Cabinet allies begin to abandon Theresa May as Tories languish in EU election polls
Previously loyal Cabinet ministers believe Theresa May has no chance at passing her Brexit deal through parliament and has just weeks left as Prime Minister, it has been reported.
Ministers including her de facto deputy, David Lidington, and transport secretary, Chris Grayling, are said to be among those who have given up hope that May's deal, which has already been rejected three times, can pass through the Commons, according to the Sunday Times.
Liam Fox, the international trade secretary, is reported to have threatened to lead a cabinet walkout if May negotiates a customs-union Brexit with Labour. A spokesperson for Fox said this was "categorically untrue" and that he wanted to remain in the Cabinet to ensure Brexit is delivered.

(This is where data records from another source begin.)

Lemma Des_mul_binv u s t J : ord0 \in J ->
  (Des (bmul u (binv (bperm s t))) \subset J) = seg_sorted (segJ J) (twist t u) s.
Proof.
move=> J0; apply/(Des_subsetP _ J0)/idP => [asc | sorted].
  apply/forallP => q; apply/forallP => r; apply/implyP => /andP[qr /eqP sqr].
  by rewrite -!wval_mul_binv; apply: (ascents_segE J _).1 qr sqr.
apply/(ascents_segE J _).2 => q r qr sqr; rewrite !wval_mul_binv.
exact: seg_sortedP sorted qr sqr.
Qed.

Lemma qbmul_XJ_desc_sum J t C w : ord0 \in J ->
  qbmul (XJ J) (desc_sum t C) w = #|shuffles (segJ J) C (twist t w)|%:R.
Proof.
move=> J0; rewrite qbmulE.
under eq_bigr => v _ do rewrite XJE sum_basisE -natrM mulnb andbC.
rewrite sum_natr_bool -(card_imset _ (@bperm_inj _ t)); congr _%:R; apply: eq_card => v.
rewrite unfold_in /=; apply/idP/imsetP => [/andP[/andP[/forallP sgn desc] D] | [s sh ->]].
  have Ev : v = bperm (absperm v) t.
    by rewrite -{1}(bperm_abs v); apply: bperm_ext => p; apply/eqP.
  by exists (absperm v) => //; rewrite inE desc -(Des_mul_binv _ _ _ J0) -Ev.
move: sh; rewrite inE => /andP[desc sorted].
rewrite absperm_bperm desc (Des_mul_binv _ _ _ J0) sorted !andbT.
by apply/forallP => p; rewrite negv_bperm.
Qed.

Lemma twist_ltE t w (p p' : 'I_N) : p' = p.+1 :> nat -> t p = t p' ->
  (twist t w p < twist t w p') = (t p == (p' \in Des w)).
Proof.
move=> Ep' tpp'; rewrite (mem_Des _ Ep') /twist -tpp'.
case: (t p); first by rewrite ltrN2.
rewrite eq_sym eqbF_neg -leNgt le_eqVlt; case: eqP => // /wval_inj E.
by move: Ep'; rewrite E; lia.
Qed.

Lemma I0_qbmul_XJ_desc_sum J t C : ord0 \in J -> changes t \subset C ->
  I0 n (qbmul (XJ J) (desc_sum t C)).
Proof.
move=> J0 tC; apply/I0_invariantP => w1 w2 D12; rewrite !qbmul_XJ_desc_sum //.
congr _%:R; apply: card_shuffles; [exact: segJ_mono | exact: twist_inj | exact: twist_inj |].
move=> p p' Ep' pC; have tpp' := changesPn Ep' (contra (subsetP tC p) pC).
rewrite !twist_ltE //; congr (_ == _).
have p'0 : p' != ord0 by rewrite -val_eqE /= Ep'.
by move/setP/(_ p'): D12; rewrite !in_setD1 p'0.
Qed.

End Product.

Section Classes.
Variable n : nat.
Implicit Types (w : Bn n) (al : seq int) (t : {ffun 'I_n -> bool}) (B : {set 'I_n}).

Definition signs w : {ffun 'I_n -> bool} := [ffun p => negv w p].

(* The positions where the maximal runs of [w] in the definition of [T_alpha] end. *)
Definition run_cuts w : {set 'I_n} := [set j : 'I_n | (j.+1 < n)%N && ~~ incr_at w j].

Definition run_class t B : QB n := \sum_(w | (signs w == t) && (run_cuts w == B)) basis w.

Lemma pos_atE w (j : 'I_n) : pos_at w j = ~~ negv w j.
Proof. by rewrite /pos_at wvE wvalE; case: negv. Qed.

Lemma abs_atE w (j : 'I_n) : abs_at w j = (absperm w j).+1.
Proof. by rewrite /abs_at wvE wvalE abspermE; case: negv; rewrite ?abszN. Qed.

Lemma incr_atE w (j j' : 'I_n) : j' = j.+1 :> nat ->
  incr_at w j = (negv w j == negv w j') && (absperm w j < absperm w j')%N.
Proof.
by move=> Ej'; rewrite /incr_at -Ej' !pos_atE !abs_atE ltnS; case: negv; case: negv.
Qed.

Lemma run_cutsE w : run_cuts w = changes (signs w) :|: perm_des (absperm w).
Proof.
apply/setP => j; rewrite inE in_setU; case: (ltnP j.+1 n) => [jn | nj] /=; last first.
  by rewrite !inE; apply/esym/norP; split; apply/negP => /existsP[j' /andP[/eqP Ej' _]];
    move: (ltn_ord j'); rewrite Ej' ltnNge nj.
pose j' := Ordinal jn; have Ej' : j' = j.+1 :> nat by [].
rewrite (mem_changes _ Ej') (mem_perm_des _ Ej') (incr_atE _ Ej') !ffunE negb_and -leqNgt leq_eqVlt.
have [/ord_inj/perm_inj E | _] := eqVneq (absperm w j' : nat) (absperm w j); last by [].
by move: Ej'; rewrite E; lia.
Qed.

Read more: May to hold meeting with top Tory committee over her departure timetable
The whispers about May's departure have grown louder in the wake of numerous polls pointing to drubbing for the Tories in the upcoming EU elections.
A poll for Opinium yesterday found the Tories clinging to just 11 per cent of the vote in the forthcoming EU elections, while Nigel Farage's Brexit party, meanwhile, has stormed ahead with 34 per cent of the vote, 13 points ahead of Labour.
May has also faced pressure over her position following the Conservatives' drubbing the local elections earlier this month, in which the party lost more than 1,000 councillors.
Meanwhile, the chairman of the influential 1922 committee of backbench Tories said yesterday that May could set her resignation date in the coming days, in the face of pressure from the party and grassroots Tories. On 15 June, a convention of local Tory associations will meet to hold a vote of no confidence in her leadership.
Sir Graham Brady told the BBC that the 1922 Committee had for "clarity" about her plans for the future, and she had "offered to come and meet with the executive".
"It would be strange for that not to result in a clear understanding [of when she will leave] at the end of the meeting," he added.
Read more: Theresa May will stay as PM until Brexit deal passed, No 10 confirms
He said the cross-party talks with Labour, aimed at breaking the Brexit deadlock in parliament, were likely to "peter out" over the next few days.
The talks are due to resume tomorrow but so far have no resulted in any compromise solution.